Alfredo Núñez comenta “desde hace una década las comunidades de Guerrero, principalmente las zonas indígenas son resguardas por militares y policía federal, con el objetivo de vigilar y evitar posibles levantamientos, los cuales serían producto de la pobreza, marginación y abandono. Esa ha sido la realidad permanente de uno de los estados más pobres, combatido y asediado del país”.
Hasta finales de diciembre de 2014, en Guerrero había 800 personas extraviadas o no localizadas, bajo la denuncia de ‘desaparición forzada’, registradas ante la Procuraduría General de la República (PRG), incluyendo a los 43 normalistas de Ayotzinapa detenidos-desaparecidos, según datos del Registro Nacional de Datos de Personas Extraviadas o Desaparecidas (RNPED).
De acuerdo con la Encuesta Nacional de Victimización y Percepción sobre Seguridad Pública (Envipe) 2014, ocho de cada diez guerrerenses, equivalente al 78.9% perciben que su entidad es insegura. A nivel municipal, casi siete de cada diez habitantes de Guerrero, 68.4% asegura que su ayuntamiento es un sitio peligroso y nada más 29.8 % percibe sus municipios como un sitio seguro para vivir.

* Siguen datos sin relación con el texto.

(* Let $p\ge 2$ and let $J$ be a periodic Jacobi operator on $\ell^2(\mathbb{Z})$ with period $p$, given by $(J\psi)_n=a_{n-1}\psi_{n-1}+b_n\psi_n+a_n\psi_{n+1}$, where $a_n>0$, $b_n\in\mathbb{R}$, $a_{n+p}=a_n$, $b_{n+p}=b_n$ for all $n$. Let $A:=(a_1\cdots a_p)^{1/p}$, $s:=\lambda_p^{\max}-\lambda_1^{\min}$, and let $\sigma_1,\dots,\sigma_p$ be the spectral bands of $J$. Then $$\frac{4A^p}{s^{p-1}}\le\max_{1\le n\le p}|\sigma_n|.$$
   Context: Spectral structure: the spectrum of $J$ is $\sigma(J)=\{\lambda\in\mathbb{R}: |\Delta(\lambda)|\le 2\}$, where $\Delta(\lambda)=\operatorname{tr}\big(A_p(\lambda)A_{p-1}(\lambda)\cdots A_1(\lambda)\big)$ with $A_n(\lambda)=\begin{pmatrix}(\lambda-b_n)/a_n & -a_{n-1}/a_n\\ 1&0\end{pmatrix}$ (the discriminant, a real polynomial of degree $p$). It is a standard fact that this set is a union of $p$ closed intervals (bands) $\sigma_n=[\lambda_n^{\min},\lambda_n^{\max}]$, $1\le n\le p$, with $\lambda_n^{\min}<\lambda_n^{\max}\le\lambda_{n+1}^{\min}$ (bands may touch but do not overlap); on each band $\Delta$ is monotone and maps it onto $[-2,2]$. The spectral gaps are $\gamma_n=(\lambda_n^{\max},\lambda_{n+1}^{\min})$, $1\le n\le p-1$ (possibly empty). $|\cdot|$ denotes Lebesgue measure (length). *)

From mathcomp Require Import all_boot all_order all_algebra.
From mathcomp Require Import all_classical all_reals exp.
Set Implicit Arguments. Unset Strict Implicit. Unset Printing Implicit Defensive.
Import Order.TTheory GRing.Theory Num.Theory.
Local Open Scope ring_scope.

Definition transfer (R : realType) (a b : int -> R) (n : int) (l : R) : 'M[R]_2 :=
  \matrix_(i < 2, j < 2)
    (if (val i == 0%N) && (val j == 0%N) then (l - b n) / a n
     else if (val i == 0%N) then - (a (n - 1)) / a n
     else if (val j == 0%N) then 1 else 0).

Definition discriminant (R : realType) (p : nat) (a b : int -> R) (l : R) : R :=
  \tr (\big[mulmx/1%:M]_(i < p) transfer a b (p - i)%:Z l).

Definition spectrum (R : realType) (p : nat) (a b : int -> R) : set R :=
  [set l | `|discriminant p a b l| <= 2].

Definition geomA (R : realType) (p : nat) (a : int -> R) : R :=
  powR (\prod_(i < p) a (i.+1)%:Z) (p%:R^-1).

(* lo, hi (indexed 0..p-1) are the edges of the p spectral bands of J:
   sigma(J) is their union, they are ordered and non-overlapping, and on each
   band Delta is monotone and maps the band onto [-2,2]. *)
Definition band_edges (R : realType) (p : nat) (a b : int -> R)
    (lo hi : nat -> R) : Prop :=
  [/\ (forall l, spectrum p a b l <->
         exists2 n, (n < p)%N & lo n <= l <= hi n),
      (forall n, (n < p)%N -> lo n < hi n),
      (forall n, (n.+1 < p)%N -> hi n <= lo n.+1),
      (forall n, (n < p)%N ->
         (forall x y, lo n <= x -> x <= y -> y <= hi n ->
            discriminant p a b x <= discriminant p a b y) \/
         (forall x y, lo n <= x -> x <= y -> y <= hi n ->
            discriminant p a b y <= discriminant p a b x)) &
      (forall n, (n < p)%N -> forall y, -2 <= y <= 2 ->
         exists2 x, lo n <= x <= hi n & discriminant p a b x = y)].

From mathcomp Require Import all_boot all_order all_algebra.
From mathcomp Require Import all_classical all_reals exp.
From mathcomp Require Import lra.
Set Implicit Arguments. Unset Strict Implicit. Unset Printing Implicit Defensive.
Import Order.TTheory GRing.Theory Num.Theory.
Local Open Scope ring_scope.

(* The discriminant is a polynomial of degree p with leading coefficient
   1/(a_1...a_p) = A^-p.  For a level c in [0,2), Delta - c has exactly one root
   r_n inside each band sigma_n, so at a point y of sigma_1 where Delta(y) = -2,
     2 + c = |Delta(y) - c| = A^-p |y - r_1| prod_{n>1} |y - r_n|
           <= A^-p |sigma_1| s^(p-1).
   Letting c tend to 2 gives 4 A^p / s^(p-1) <= |sigma_1|. *)

Lemma mulmx2E (R : pzSemiRingType) m n (A : 'M[R]_(m, 2)) (B : 'M_(2, n)) i j :
  (A *m B) i j = A i ord0 * B ord0 j + A i ord_max * B ord_max j.
Proof.
by rewrite mxE !big_ord_recl big_ord0 addr0 (_ : lift ord0 ord0 = ord_max) //; apply: val_inj.
Qed.

Lemma mxtrace2E (R : pzSemiRingType) (A : 'M[R]_2) : \tr A = A ord0 ord0 + A ord_max ord_max.
Proof.
by rewrite /mxtrace !big_ord_recl big_ord0 addr0 (_ : lift ord0 ord0 = ord_max) //; apply: val_inj.
Qed.

Section DiscriminantPolynomial.
Variables (R : realType) (a b : int -> R).
Hypothesis a_neq0 : forall n, a n != 0.

Definition transfer_poly (n : int) : 'M[{poly R}]_2 :=
  \matrix_(i < 2, j < 2)
    (if (val i == 0%N) && (val j == 0%N) then (a n)^-1 *: ('X - (b n)%:P)
     else if (val i == 0%N) then (- (a (n - 1)) / a n)%:P
     else if (val j == 0%N) then 1 else 0).

Lemma transfer_polyE n l : map_mx (horner_eval l) (transfer_poly n) = transfer a b n l.
Proof.
apply/matrixP => i j; rewrite !mxE /horner_eval /=.
case: ifP => _; first by rewrite hornerZ hornerXsubC mulrC.
by do 2?case: ifP => _; rewrite hornerC.
Qed.

Definition transfer_prod_poly (f : nat -> int) k : 'M[{poly R}]_2 :=
  \prod_(i < k) transfer_poly (f i).

Lemma transfer_prod_polyE f k l :
  map_mx (horner_eval l) (transfer_prod_poly f k) =
  \big[mulmx/1%:M]_(i < k) transfer a b (f i) l.
Proof. by rewrite rmorph_prod; apply: eq_bigr => i _; apply: transfer_polyE. Qed.

Lemma size_transfer_poly00 n : size (transfer_poly n ord0 ord0) = 2%N.
Proof. by rewrite mxE size_scale ?size_XsubC ?invr_eq0. Qed.

Lemma lead_coef_transfer_poly00 n : lead_coef (transfer_poly n ord0 ord0) = (a n)^-1.
Proof. by rewrite mxE lead_coefZ lead_coefXsubC mulr1. Qed.

Lemma transfer_prod_poly_size f k (P := transfer_prod_poly f k) :
  [/\ size (P ord0 ord0) = k.+1,
      lead_coef (P ord0 ord0) = \prod_(i < k) (a (f i))^-1,
      (size (P ord0 ord_max) <= k)%N, (size (P ord_max ord0) <= k)%N &
      (size (P ord_max ord_max) <= maxn 1 k)%N].
Proof.
rewrite {}/P; elim: k => [|k [s00 l00 s01 s10 s11]].
  by rewrite /transfer_prod_poly big_ord0 !mxE /= big_ord0 size_poly1 lead_coef1 size_poly0.
rewrite /transfer_prod_poly big_ord_recr -/(transfer_prod_poly f k) /= !mulmx2E.
rewrite [transfer_poly _ ord0 ord_max]mxE [transfer_poly _ ord_max _]mxE [transfer_poly _ ord_max _]mxE /=.
rewrite !mulr1 !mulr0 !addr0.
set P := transfer_prod_poly f k; set u := transfer_poly (f k) ord0 ord0.
have P00_neq0 : P ord0 ord0 != 0 by rewrite -size_poly_gt0 s00.
have u_neq0 : u != 0 by rewrite -size_poly_gt0 size_transfer_poly00.
have sPu : size (P ord0 ord0 * u) = k.+2.
  by rewrite size_mul // s00 size_transfer_poly00 addn2.
have sP01 : (size (P ord0 ord_max) < size (P ord0 ord0 * u)%R)%N.
  by rewrite sPu ltnS (leq_trans s01).
split.
- by rewrite size_polyDl.
- by rewrite lead_coefDl // lead_coefM l00 lead_coef_transfer_poly00 big_ord_recr.
- by rewrite mulrC mul_polyC (leq_trans (size_scale_leq _ _)) ?s00.
- rewrite (leq_trans (size_polyD _ _)) // geq_max; apply/andP; split.
    by rewrite (leq_trans (size_polyMleq _ _)) // size_transfer_poly00 addn2.
  by rewrite (leq_trans s11) // geq_max leqnSn.
- rewrite mulrC mul_polyC (leq_trans (size_scale_leq _ _)) //.
  by rewrite (leq_trans s10) // (leq_trans (leqnSn k)) ?leq_maxr.
Qed.

End DiscriminantPolynomial.

Lemma discriminant_poly (R : realType) (p : nat) (a b : int -> R) :
  (forall n, a n != 0) -> (0 < p)%N ->
  exists D : {poly R},
    [/\ size D = p.+1, lead_coef D = (\prod_(i < p) a i.+1%:Z)^-1 &
        forall l, discriminant p a b l = D.[l]].
Proof.
move=> a_neq0 p_gt0; set f := fun i : nat => (p - i)%:Z.
have [s00 l00 _ _ s11] := transfer_prod_poly_size b a_neq0 f p.
set P := transfer_prod_poly a b f p in s00 l00 s11.
have s11_lt : (size (P ord_max ord_max) < size (P ord0 ord0))%N.
  by rewrite s00 ltnS (leq_trans s11) // geq_max p_gt0 leqnn.
exists (\tr P); split.
- by rewrite mxtrace2E size_polyDl.
- rewrite mxtrace2E lead_coefDl // l00 prodfV (reindex_inj rev_ord_inj) /=.
  by congr (_^-1); apply: eq_bigr => i _; rewrite /f subKn.
- by move=> l; rewrite /discriminant -(transfer_prod_polyE a b f p l) trace_map_mx.
Qed.

Lemma geomA_expn (R : realType) (p : nat) (a : int -> R) :
  (0 < p)%N -> (forall n, 0 <= a n) -> geomA p a ^+ p = \prod_(i < p) a i.+1%:Z.
Proof.
move=> p_gt0 a_ge0; rewrite /geomA -powR_mulrn ?powR_ge0 // -powRrM.
by rewrite mulVf ?pnatr_eq0 -?lt0n // powRr1 // prodr_ge0.
Qed.

Lemma norm_horner_uniq_roots (F : numFieldType) (Q : {poly F}) (rs : seq F) y :
  size Q = (size rs).+1 -> all (root Q) rs -> uniq rs ->
  `|Q.[y]| = `|lead_coef Q| * \prod_(r <- rs) `|y - r|.
Proof.
move=> size_Q roots_Q; rewrite -uniq_rootsE => /(all_roots_prod_XsubC size_Q roots_Q) {1}->.
rewrite hornerZ horner_prod normrM normr_prod.
by congr (_ * _); apply: eq_bigr => r _; rewrite hornerXsubC.
Qed.

Section Bands.
Variables (R : realType) (p : nat) (a b : int -> R) (lo hi : nat -> R).
Hypothesis bands : band_edges p a b lo hi.
Local Notation Delta := (discriminant p a b).

Lemma discriminant_band_edges n : (n < p)%N ->
  (Delta (lo n) = -2 /\ Delta (hi n) = 2) \/ (Delta (lo n) = 2 /\ Delta (hi n) = -2).
Proof.
case: bands => spec lo_lt_hi _ mono onto n_lt_p.
have lo_le_hi : lo n <= hi n by rewrite ltW ?lo_lt_hi.
have bound x : lo n <= x <= hi n -> -2 <= Delta x <= 2.
  by move=> x_n; rewrite -ler_norml; apply/spec; exists n.
have /andP[? ?] := bound (lo n) (introT andP (conj (lexx _) lo_le_hi)).
have /andP[? ?] := bound (hi n) (introT andP (conj lo_le_hi (lexx _))).
have [x1 /andP[lo_x1 x1_hi] Dx1] := onto n n_lt_p (-2) ltac:(lra).
have [x2 /andP[lo_x2 x2_hi] Dx2] := onto n n_lt_p 2 ltac:(lra).
case: (mono n n_lt_p) => M; [left | right].
- have := M _ _ (lexx _) lo_x1 x1_hi; have := M _ _ lo_x2 x2_hi (lexx _).
  by rewrite Dx1 Dx2; split; lra.
- have := M _ _ (lexx _) lo_x2 x2_hi; have := M _ _ lo_x1 x1_hi (lexx _).
  by rewrite Dx1 Dx2; split; lra.
Qed.

Let in_bands_convex : {in gtn p &, forall i j k, (i < k < j)%N -> k \in gtn p}.
Proof. by move=> i j _ j_lt_p k /andP[_ /ltn_trans]; apply. Qed.

Lemma band_in_hull n x : (n < p)%N -> lo n <= x <= hi n -> lo 0 <= x <= hi p.-1.
Proof.
case: bands => _ lo_lt_hi hi_le_lo _ _ n_lt_p /andP[lo_x x_hi].
have lo_homo : {in gtn p &, {homo lo : i j / (i <= j)%N >-> i <= j}}.
  apply: homo_leq_in in_bands_convex _ => // [|i _ /[!inE] Si_lt_p]; first exact: le_trans.
  by rewrite (le_trans (ltW (lo_lt_hi _ (ltnW Si_lt_p)))) ?hi_le_lo.
have hi_homo : {in gtn p &, {homo hi : i j / (i <= j)%N >-> i <= j}}.
  apply: homo_leq_in in_bands_convex _ => // [|i _ /[!inE] Si_lt_p]; first exact: le_trans.
  by rewrite (le_trans (hi_le_lo _ Si_lt_p)) ?ltW ?lo_lt_hi.
have p_gt0 : (0 < p)%N by apply: leq_ltn_trans n_lt_p.
rewrite (le_trans (lo_homo 0%N n _ _ _)) ?(le_trans x_hi (hi_homo n p.-1 _ _ _)) //.
- by rewrite inE prednK.
- by rewrite -ltnS prednK.
Qed.

Lemma band_level_points c : -2 < c < 2 ->
  exists r : nat -> R, forall n, (n < p)%N -> lo n < r n < hi n /\ Delta (r n) = c.
Proof.
case: bands => _ _ _ _ onto /andP[c_gt c_lt].
suff /boolp.choice[r r_c] : forall n, exists x,
    (n < p)%N -> lo n < x < hi n /\ Delta x = c by exists r.
move=> n; case: (ltnP n p) => [n_lt_p|]; last by exists 0.
have [x /andP[lo_x x_hi] Dx] := onto n n_lt_p c ltac:(lra).
have [Dlo_neq Dhi_neq] : Delta (lo n) != c /\ Delta (hi n) != c.
  by case: (discriminant_band_edges n_lt_p) => -[-> ->]; split; apply/eqP; lra.
exists x => _; split=> //; rewrite !lt_neqAle lo_x x_hi !andbT; apply/andP; split.
- by apply: contraNneq Dlo_neq => ->; rewrite Dx.
- by apply: contraNneq Dhi_neq => <-; rewrite Dx.
Qed.

Lemma band_points_increasing (r : nat -> R) :
    (forall n, (n < p)%N -> lo n < r n < hi n) ->
  {in gtn p &, {homo r : i j / (i < j)%N >-> i < j}}.
Proof.
case: bands => _ _ hi_le_lo _ _ r_in.
apply: homo_ltn_in in_bands_convex _ => [|i _ /[!inE] Si_lt_p]; first exact: lt_trans.
have /andP[_ ri_lt] := r_in i (ltnW Si_lt_p); have /andP[lt_rSi _] := r_in _ Si_lt_p.
exact: lt_trans ri_lt (le_lt_trans (hi_le_lo i Si_lt_p) lt_rSi).
Qed.

Lemma band_level_estimate (D : {poly R}) c : (0 < p)%N ->
    size D = p.+1 -> (forall l, Delta l = D.[l]) -> 0 <= c < 2 ->
  2 + c <= `|lead_coef D| * (hi 0 - lo 0) * (hi p.-1 - lo 0) ^+ p.-1.
Proof.
move=> p_gt0 size_D DeltaE /andP[c_ge0 c_lt2]; have [_ _ _ _ onto] := bands.
have [y /andP[lo_y y_hi] Dy] := onto 0%N p_gt0 (-2) ltac:(lra).
have [r r_c] := band_level_points (c := c) ltac:(lra).
have r_in n : (n < p)%N -> lo n < r n < hi n by case/r_c.
set rs := [seq r i | i <- index_iota 0 p].
have uniq_rs : uniq rs.
  apply/lt_sorted_uniq/(homo_sorted_in (band_points_increasing r_in))/iota_ltn_sorted.
  by apply/allP => i; rewrite mem_index_iota.
have roots_rs : all (root (D - c%:P)) rs.
  apply/allP => z /mapP[i]; rewrite mem_index_iota => /andP[_ i_lt_p] ->.
  by rewrite rootE hornerD hornerN hornerC -DeltaE (proj2 (r_c i i_lt_p)) subrr.
have size_c : (size (- c%:P) < size D)%N by rewrite size_polyN size_D ltnS (leq_trans (size_polyC_leq1 _)).
have size_Dc : size (D - c%:P) = (size rs).+1.
  by rewrite size_polyDl // size_D size_map size_iota subn0.
have := norm_horner_uniq_roots y size_Dc roots_rs uniq_rs.
rewrite lead_coefDl //.
rewrite hornerD hornerN hornerC -DeltaE Dy ler0_norm ?opprB ?opprK; last by lra.
rewrite addrC => ->; rewrite big_map -mulrA ler_wpM2l ?normr_ge0 // big_ltn //.
have [lo_r0 r0_hi] := andP (r_in 0%N p_gt0).
apply: ler_pM; rewrite ?normr_ge0 ?prodr_ge0 //; first by rewrite ler_norml; apply/andP; split; lra.
rewrite -[X in _ ^+ X]subn1 -prodr_const_nat big_nat_cond [leRHS]big_nat_cond.
apply: ler_prod => i /andP[/andP[_ i_lt_p] _]; rewrite normr_ge0 ler_norml /=.
have /andP[lo_ri ri_hi] := r_in i i_lt_p.
have /andP[? ?] : lo 0 <= y <= hi p.-1 by apply: (band_in_hull p_gt0); rewrite lo_y.
have /andP[? ?] : lo 0 <= r i <= hi p.-1 by apply: (band_in_hull i_lt_p); rewrite !ltW.
by apply/andP; split; lra.
Qed.

Lemma band_estimate (D : {poly R}) : (0 < p)%N ->
    size D = p.+1 -> (forall l, Delta l = D.[l]) ->
  4 <= `|lead_coef D| * (hi 0 - lo 0) * (hi p.-1 - lo 0) ^+ p.-1.
Proof.
(* Only levels c < 2 are usable: at c = 2 the level points of two touching
   bands may coincide. *)
move=> p_gt0 size_D DeltaE; set K := _ * _ * _.
have K_ge2 : 2 + 0 <= K by apply: band_level_estimate => //; rewrite lexx ltr0n.
rewrite leNgt; apply/negP => K_lt4.
have : 2 + K / 2 <= K by apply: band_level_estimate => //; apply/andP; split; lra.
lra.
Qed.

End Bands.

Theorem corollary1p2 (R : realType) (p : nat) (a b : int -> R)
    (lo hi : nat -> R) :
  (2 <= p)%N ->
  (forall n, 0 < a n) ->
  (forall n, a (n + p%:Z) = a n) ->
  (forall n, b (n + p%:Z) = b n) ->
  band_edges p a b lo hi ->
  4 * geomA p a ^+ p / (hi p.-1 - lo 0%N) ^+ p.-1
    <= \big[Num.max/0]_(n < p) (hi n - lo n).
Proof.
move=> p_ge2 a_gt0 _ _ bands; have p_gt0 : (0 < p)%N := ltnW p_ge2.
have [D [size_D lead_D DeltaE]] := discriminant_poly b (fun n => lt0r_neq0 (a_gt0 n)) p_gt0.
have G_eq := geomA_expn p_gt0 (fun n => ltW (a_gt0 n)).
have G_gt0 : 0 < geomA p a ^+ p by rewrite G_eq prodr_gt0.
have s_gt0 : 0 < hi p.-1 - lo 0.
  have [_ lo_lt_hi _ _ _] := bands.
  have /andP[_ ?] : lo 0 <= hi 0 <= hi p.-1.
    by apply: (band_in_hull bands p_gt0); rewrite lexx andbT ltW ?lo_lt_hi.
  by rewrite subr_gt0 (lt_le_trans (lo_lt_hi _ p_gt0)).
have := band_estimate bands p_gt0 size_D DeltaE.
rewrite lead_D -G_eq ger0_norm; last by rewrite invr_ge0 ltW.
rewrite -mulrA ler_pdivlMl // => est.
rewrite ler_pdivrMr ?exprn_gt0 // mulrC (le_trans est) //.
rewrite ler_pM2r ?exprn_gt0 //.
exact: (le_bigmax _ (fun n : 'I_p => hi n - lo n) (Ordinal p_gt0)).
Qed.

Según el Relator Especial de la ONU sobre ejecuciones extrajudiciales, sumarias y arbitrarias, Cristof Heyns, “casos como los de Guerrero, instan a promulgar la legislación federal y estatal pendiente de aprobación para hacer efectiva la reforma constitucional sobre los derechos humanos. Instar a que la Procuraduría General de la República (PGR) sea completamente independiente del poder ejecutivo con arreglo al nuevo marco constitucional. Además de ello México debería crear una institución nacional de servicios forenses. Esta institución debería ser autónoma y prestar sus servicios a todas las partes y autoridades que intervienen en juicios federales y/o estatales, las comisiones de derechos humanos y los ciudadanos civiles”.